14. The method of claim 12, wherein developing the personalized game-based security learning program comprises developing, by the one or more processors, the personalized game-based security learning program based on the player profile of the user.
15. The method of claim 1, further comprising:
concatenating, by the one or more processors, information descriptive of the one or more indications of user input into a prompt;
feeding, by the one or more processors, the prompt into a large language model; and
generating, by the one or more processors and using the large language model, a narrative summary of a performance of the user in the game-based security learning program.
16. The method of claim 1, further comprising:
analyzing, by the one or more processors and using an artificial intelligence model, one or more cybersecurity policies for an organization to develop one or more specific instructions for the personalized game-based security learning program relevant to the organization; and
developing, by the one or more processors, the personalized game-based security learning program further based on the one or more specific instructions.
17. The method of claim 1, further comprising:
generating, by the one or more processors and using an artificial intelligence model, one or more custom communications for a user of the client device based on performance of the user during the personalized game-based security learning program; and
outputting, by the one or more processors, at least one of the one or more custom communications to the client device.

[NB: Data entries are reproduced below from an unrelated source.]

(* If the DNF is determined to be false by S, every term has been touched:
   otherwise setting the untested variables to 1 satisfies an untouched term. *)
Lemma determined_false S x : determined (dnf T) S x -> ~~ dnf T x ->
  forall j, touched S j.
Proof.
move=> /determinedP det fx j; pose y : input n := [ffun k => (k \in S) ==> x k].
have : ~~ dnf T y by rewrite det // => i iS; rewrite ffunE iS.
move=> /existsPn /(_ j) /forallPn [i]; rewrite negb_imply ffunE => /andP[ij].
by rewrite negb_imply => /andP[iS _]; apply/existsP; exists i; rewrite ij.
Qed.

End MonotoneDNF.

Section ReadOnceDNF.
Variables (R : realType) (n m : nat) (T : 'I_m -> {set 'I_n}) (p : 'I_n -> R).
Hypothesis T_read_once : read_once T.
Hypothesis T_cover : forall i : 'I_n, exists j : 'I_m, i \in T j.
Hypothesis p_pvec : pvec p.

Implicit Types (S : {set 'I_n}) (r : 'I_n -> R) (x : input n).

Lemma term_unique (j1 j2 : 'I_m) (i : 'I_n) : i \in T j1 -> i \in T j2 -> j1 = j2.
Proof.
move=> i1 i2; case: (eqVneq j1 j2) => // /T_read_once /disjointFr /(_ i1).
by rewrite i2.
Qed.

Definition q r (j : 'I_m) : R := \prod_(i in T j) r i.

Lemma q_bound r j : pvec r -> 0 <= q r j <= 1.
Proof.
move=> hp; rewrite prodr_ge0 ?prodr_ile1 // => i _; first by case/andP: (hp i).
Qed.

Definition term_order : seq 'I_m := sort (fun a b => q p b <= q p a) (enum 'I_m).

Lemma term_order_sorted : sorted (fun a b => q p b <= q p a) term_order.
Proof. by apply: sort_sorted => a b; apply: le_total. Qed.

Lemma term_order_uniq : uniq term_order.
Proof. by rewrite sort_uniq enum_uniq. Qed.

Lemma mem_term_order j : j \in term_order.
Proof. by rewrite mem_sort mem_enum. Qed.

(* The state of knowledge after testing S: the marginals r are 0/1 on S
   (the observed outcomes) and agree with p on the untested variables. *)
Definition consistent S r :=
  (forall k, k \in S -> r k = 0 \/ r k = 1) /\ (forall k, k \notin S -> r k = p k).

Definition agrees S r x := forall k, k \in S -> r k = (x k)%:R.

Definition observed S r : input n := [ffun k => if k \in S then r k == 1 else true].

Lemma consistent_pvec S r : consistent S r -> pvec r.
Proof.
move=> [r01 rp] k; case: (boolP (k \in S)) => kS; last by rewrite rp.
by case: (r01 k kS) => ->; rewrite ?lexx ?ler01.
Qed.

Lemma consistent_upd S r i b : consistent S r -> consistent (i |: S) (upd r i b).
Proof.
move=> [r01 rp]; split=> k; rewrite in_setU1 /upd.
  by case: eqP => [_ _|_ /r01 //]; case: b; [right|left].
by rewrite negb_or => /andP[/negPf -> /rp].
Qed.

Lemma agrees_support S r x : consistent S r -> prob r x != 0 -> agrees S r x.
Proof.
move=> [r01 _] rx k kS; move: rx; rewrite (prob_D1 _ k).
by case: (r01 k kS) => ->; case: (x k); rewrite ?subrr ?mul0r ?eqxx.
Qed.

Lemma agrees_eq_on S r x y : agrees S r x -> agrees S r y -> {in S, x =1 y}.
Proof.
move=> rx ry k kS; have /eqP := rx k kS; rewrite ry // eqr_nat.
by case: (x k); case: (y k).
Qed.

Lemma observed_agrees S r : consistent S r -> agrees S r (observed S r).
Proof.
move=> [r01 _] k kS; rewrite ffunE kS.
by case: (r01 k kS) => ->; rewrite ?eqxx // eq_sym oner_eq0.
Qed.

(* Lower-bound potential for the expected remaining number of tests: each
   touched term contributes the probability 1 - q r j that it fails, and the
   untouched terms are charged as if evaluated one after the other, in
   term_order, until one succeeds. *)
Definition Psi S r : R :=
  (\prod_(j < m) (if touched T S j then 1 - q r j else 1)) *
  Phi (q p) [seq j <- term_order | ~~ touched T S j].

Hypothesis T_nonempty : forall j : 'I_m, exists i, i \in T j.

(* Once f(x) is known, the potential vanishes: either a touched term is
   satisfied with certainty, or no term is left untouched. *)
Lemma Psi_determined S r x : agrees S r x ->
  determined (dnf T) S x -> Psi S r = 0.
Proof.
move=> rx det; case fx: (dnf T x).
  have [j Tj] := determined_true det fx.
  have tj : touched T S j.
    by have [i ij] := T_nonempty j; apply/existsP; exists i; rewrite ij; case/andP: (Tj i ij).
  have qj : q r j = 1.
    by apply: big1 => i /Tj /andP[iS xi]; rewrite rx // xi.
  by rewrite /Psi (bigD1 j) //= tj qj subrr !mul0r.
have all_touched := determined_false det (negbT fx).
rewrite /Psi (eq_filter (a2 := pred0)) ?filter_pred0 ?mulr0 // => j.
by rewrite all_touched.
Qed.

Section OneTest.
Variables (i : 'I_n) (j0 : 'I_m).
Hypothesis i_j0 : i \in T j0.

Lemma touched_add S j : touched T (i |: S) j = (j == j0) || touched T S j.
Proof.
apply/existsP/orP => [[k /andP[kj]]|[/eqP ->|/existsP[k /andP[kj kS]]]].
- rewrite in_setU1 => /orP[/eqP ki|kS]; last by right; apply/existsP; exists k; rewrite kj.
  by left; apply/eqP/(term_unique (i := i)) => //; rewrite -ki.
- by exists i; rewrite i_j0 setU11.
- by exists k; rewrite kj in_setU1 kS orbT.
Qed.

Lemma q_upd_other r b j : j != j0 -> q (upd r i b) j = q r j.
Proof.
move=> jj0; apply: eq_bigr => k kj; rewrite /upd; case: eqP => // ki.
by move: jj0 kj; rewrite ki => /negPf jj0 /term_unique /(_ i_j0) /eqP; rewrite jj0.
Qed.

Lemma q_upd_term r b : q (upd r i b) j0 = b%:R * \prod_(k in T j0 | k != i) r k.
Proof.
rewrite /q (bigD1 i) //= /upd eqxx; congr (_ * _).
by apply: eq_bigr => k /andP[_ /negPf ->].
Qed.

Lemma q_term r : q r j0 = r i * \prod_(k in T j0 | k != i) r k.
Proof. by rewrite /q (bigD1 i). Qed.

Definition others S r : R := \prod_(j < m | j != j0) (if touched T S j then 1 - q r j else 1).

Lemma Psi_D1 S r : Psi S r = (if touched T S j0 then 1 - q r j0 else 1) * others S r *
  Phi (q p) [seq j <- term_order | ~~ touched T S j].
Proof. by rewrite /Psi (bigD1 j0) //= mulrA. Qed.

Lemma others_upd S r b : others (i |: S) (upd r i b) = others S r.
Proof. by apply: eq_bigr => j jj0; rewrite touched_add (negPf jj0) q_upd_other. Qed.

Lemma others_bound S r : pvec r -> 0 <= others S r <= 1.
Proof.
move=> hr; have factor j : 0 <= (if touched T S j then 1 - q r j else 1) <= 1.
  by case: ifP; rewrite ?lexx ?ler01 // => _; have /andP[q0 q1] := q_bound j hr; lra.
by rewrite prodr_ge0 ?prodr_ile1 // => j _; case/andP: (factor j).
Qed.

Lemma Psi_mean S r :
  r i * Psi (i |: S) (upd r i true) + (1 - r i) * Psi (i |: S) (upd r i false) =
  (1 - q r j0) * others S r * Phi (q p) [seq j <- term_order | ~~ touched T S j & j != j0].
Proof.
have filter_add : [seq j <- term_order | ~~ touched T (i |: S) j] =
    [seq j <- term_order | ~~ touched T S j & j != j0].
  by apply: eq_filter => j; rewrite touched_add negb_or andbC.
rewrite !Psi_D1 !touched_add eqxx !others_upd filter_add !q_upd_term q_term /=; ring.
Qed.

18. The method of claim 1, further comprising:
generating, by the one or more processors and using an artificial intelligence model, a first request for input;
outputting, by the one or more processors, the first request for input to an administrator device;
receiving, by the one or more processors, an indication of first user input responding to the first request for input;
generating, by the one or more processors, using the artificial intelligence model, and based at least in part on the first user input, a second request for input;
outputting, by the one or more processors, the second request for input to the administrator device;
receiving, by the one or more processors, an indication of second user input responding to the second request for input; and
developing, by the one or more processors, the personalized game-based security learning program based at least in part on the first user input and the second user input.

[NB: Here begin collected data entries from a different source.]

(* Let $\kappa$ be a regular cardinal and let $\mathcal{T}$ be a countable complete first-order theory in a countable relational vocabulary $L$. Suppose that for every $\alpha<\kappa^+$ there are $\eta,\eta'\in\kappa^\kappa$ such that $M_\eta\models\mathcal{T}$, $M_{\eta'}\models\mathcal{T}$, $M_\eta\equiv^\alpha_{\kappa^+\kappa}M_{\eta'}$ and $M_\eta\not\cong M_{\eta'}$. Then the relation $\cong_{\mathcal{T}}\subseteq\kappa^\kappa\times\kappa^\kappa$ is not $\kappa$-Borel.
   Context: Coding of structures: $L=\{Q_m\mid m<\omega\}$ is a countable relational vocabulary and $\pi:\kappa^{<\omega}\to\kappa$ is a fixed bijection. For $\eta\in\kappa^\kappa$, $M_\eta$ is the $L$-structure with domain $\kappa$ in which, for $(a_1,\dots,a_n)\in\kappa^n$, $(a_1,\dots,a_n)\in Q_m^{M_\eta}$ iff $Q_m$ has arity $n$ and $\eta(\pi(m,a_1,\dots,a_n))>0$. The relation $\cong_{\mathcal{T}}$ is the set of pairs $(\eta,\xi)\in\kappa^\kappa\times\kappa^\kappa$ such that either ($M_\eta\models\mathcal{T}$, $M_\xi\models\mathcal{T}$ and $M_\eta\cong M_\xi$) or ($M_\eta\not\models\mathcal{T}$ and $M_\xi\not\models\mathcal{T}$). $M\equiv^\alpha_{\kappa^+\kappa}N$ means $M$ and $N$ satisfy the same $L_{\kappa^+\kappa}$-sentences of quantifier rank at most $\alpha$. Topology: for $X\subseteq\kappa$ with $|X|<\kappa$ and $\eta:X\to\kappa$, let $N_\eta=\{\zeta\in\kappa^\kappa\mid \eta\subseteq\zeta\}$; these sets together with $\emptyset$ are the basic $\kappa$-open subsets of $\kappa^\kappa$, and the basic $\kappa$-open subsets of $\kappa^\kappa\times\kappa^\kappa$ are the products $N_\eta\times N_\xi$ of basic $\kappa$-open sets. The $\kappa$-Borel sets (of $\kappa^\kappa$, resp. $\kappa^\kappa\times\kappa^\kappa$) form the smallest class containing the basic $\kappa$-open sets and closed under complements, unions of at most $\kappa$ sets and intersections of at most $\kappa$ sets. *)

(* Generalized descriptive set theory setting: kappa is
   represented by a type K with a well-order lt whose order type is the
   initial ordinal kappa. *)
From Stdlib Require Import List Arith.
Import ListNotations.


Definition injective {A B : Type} (f : A -> B) : Prop :=
  forall x y, f x = f y -> x = y.

Definition surjective {A B : Type} (f : A -> B) : Prop :=
  forall y, exists x, f x = y.

Definition bijective {A B : Type} (f : A -> B) : Prop :=
  injective f /\ surjective f.

Definition smaller {K : Type} (X : K -> Prop) : Prop :=
  ~ exists f : K -> {x : K | X x}, injective f.

Definition well_order {W : Type} (lt : W -> W -> Prop) : Prop :=
  well_founded lt
  /\ (forall x, ~ lt x x)
  /\ (forall x y z, lt x y -> lt y z -> lt x z)
  /\ (forall x y, lt x y \/ x = y \/ lt y x).

(* (K, lt) is an infinite regular cardinal: an infinite initial ordinal
   in which every subset of size < kappa is bounded. *)
Definition regular_cardinal {K : Type} (lt : K -> K -> Prop) : Prop :=
  well_order lt
  /\ (exists f : nat -> K, injective f)
  /\ (forall x : K, smaller (fun y => lt y x))
  /\ (forall X : K -> Prop, smaller X -> exists y, forall x, X x -> lt x y).

Definition canonical_omega {K : Type} (lt : K -> K -> Prop) (iota : nat -> K) : Prop :=
  (forall n, lt (iota n) (iota (S n)))
  /\ (forall n x, lt x (iota n) -> exists m, x = iota m).

Record structure := Structure {
  dom : Type;
  rel : nat -> list dom -> Prop
}.

Definition isomorphic (arity : nat -> nat) (M N : structure) : Prop :=
  exists f : dom M -> dom N, bijective f /\
    forall m (l : list (dom M)), length l = arity m ->
      (rel M m l <-> rel N m (map f l)).

Inductive fo_form : Type :=
| fatom : nat -> list nat -> fo_form
| feq : nat -> nat -> fo_form
| fneg : fo_form -> fo_form
| fand : fo_form -> fo_form -> fo_form
| fex : nat -> fo_form -> fo_form.

Fixpoint ffree (f : fo_form) (v : nat) : Prop :=
  match f with
  | fatom _ vs => In v vs
  | feq x y => v = x \/ v = y
  | fneg g => ffree g v
  | fand g h => ffree g v \/ ffree h v
  | fex n g => ffree g v /\ v <> n
  end.

Definition fo_sentence (f : fo_form) : Prop := forall v, ~ ffree f v.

19. A computing device comprising one or more processors configured to:
output a game-based security learning program to a client device, the game-based security learning program comprising a first set of one or more adaptive learning modules;
monitor one or more indications of user input of a user of the client device within at least one of the first set of one or more adaptive learning modules of the game-based security learning program;
develop a personalized game-based security learning program for the user based on the one or more indications of user input of the user, the personalized game-based security learning program comprising a second set of one or more adaptive learning modules different than the first set of one or more adaptive learning modules; and
output the personalized game-based security learning program to the client device.

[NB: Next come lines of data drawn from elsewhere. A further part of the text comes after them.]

Lemma phi_neg_second_log_derivative_ge (t r : R) : 0 <= t <= 1 -> 0 < r < PI / 2 ->
  - Derive_n (phi t) 2 r / phi t r >= tan r * Derive_n (phi t) 1 r / phi t r.
Proof.
  intros Ht Hr. apply Rminus_ge.
  assert (sin r <> 0) by (apply Rgt_not_eq, sin_gt_0; lra).
  assert (cos r <> 0) by (apply Rgt_not_eq, cos_gt_0; lra).
  rewrite phi_curvature_gap by assumption.
  pose proof (beta_bounds t Ht). pose proof (kappa_ge0 t). pose proof (den_pos t r).
  pose proof (pow2_ge_0 (sin r)). pose proof (pow2_ge_0 (cos r)).
  apply Rle_ge, Rdiv_le_0_compat; [| apply pow_lt; lra].
  assert (0 <= (1 - 2 * beta t) * kappa t * sin r ^ 2)
    by (apply Rmult_le_pos; [apply Rmult_le_pos |]; lra).
  apply Rmult_le_pos; [apply Rmult_le_pos; [apply Rmult_le_pos |] |]; lra.
Qed.

Theorem lemma3p3 :
  exists phi : R -> R -> R,
    family_continuous phi /\
    forall t : R, 0 < t <= 1 ->
      smooth_R (phi t) /\
      (forall r : R, 0 <= r <= PI / 2 -> 0 <= phi t r <= 1) /\
      (* (1) boundary conditions *)
      (forall k : nat, Derive_n (phi t) (2 * k) 0 = 0) /\
      Derive_n (phi t) 1 0 = 1 /\
      (forall k : nat, Derive_n (phi t) (2 * k + 1) (PI / 2) = 0) /\
      0 < phi t (PI / 2) /\
      (* (2) *)
      (forall r : R, t < r <= PI / 2 -> phi t r <= 3 * t * sin r) /\
      (* (3) *)
      (forall r : R, 0 < r < PI / 2 ->
         - Derive_n (phi t) 2 r / phi t r
           >= tan r * Derive_n (phi t) 1 r / phi t r /\
         tan r * Derive_n (phi t) 1 r / phi t r >= Rmax t (1 - t)).
Proof.
  exists phi. split; [rewrite phi_eval; apply family_continuous_eval |].
  intros t Ht.
  assert (Hsmooth : smooth_R (phi t)) by (rewrite phi_eval; apply smooth_R_eval).
  split; [exact Hsmooth |].
  split; [intros r Hr; apply phi_range; lra |].
  split; [intros k; apply odd_fun_Derive_n_even_0; [exact Hsmooth | apply phi_odd] |].
  split; [apply Derive_phi_0 |].
  split; [intros k; apply symmetric_fun_Derive_n_odd_center;
          [exact Hsmooth | apply phi_symmetric_PI2] |].
  split; [apply phi_PI2_pos |].
  split; [intros r Hr; apply phi_le_3t_sin; assumption |].
  intros r Hr. split.
  - apply phi_neg_second_log_derivative_ge; lra.
  - apply tan_log_derivative_phi_ge; lra.
Qed.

20. A non-transitory computer-readable storage medium having stored thereon instructions that, when executed, cause one or more processors of a computing device to:
output a game-based security learning program to a client device, the game-based security learning program comprising a first set of one or more adaptive learning modules;
monitor one or more indications of user input of a user of the client device within at least one of the first set of one or more adaptive learning modules of the game-based security learning program;
develop a personalized game-based security learning program for the user based on the one or more indications of user input of the user, the personalized game-based security learning program comprising a second set of one or more adaptive learning modules different than the first set of one or more adaptive learning modules; and
output the personalized game-based security learning program to the client device.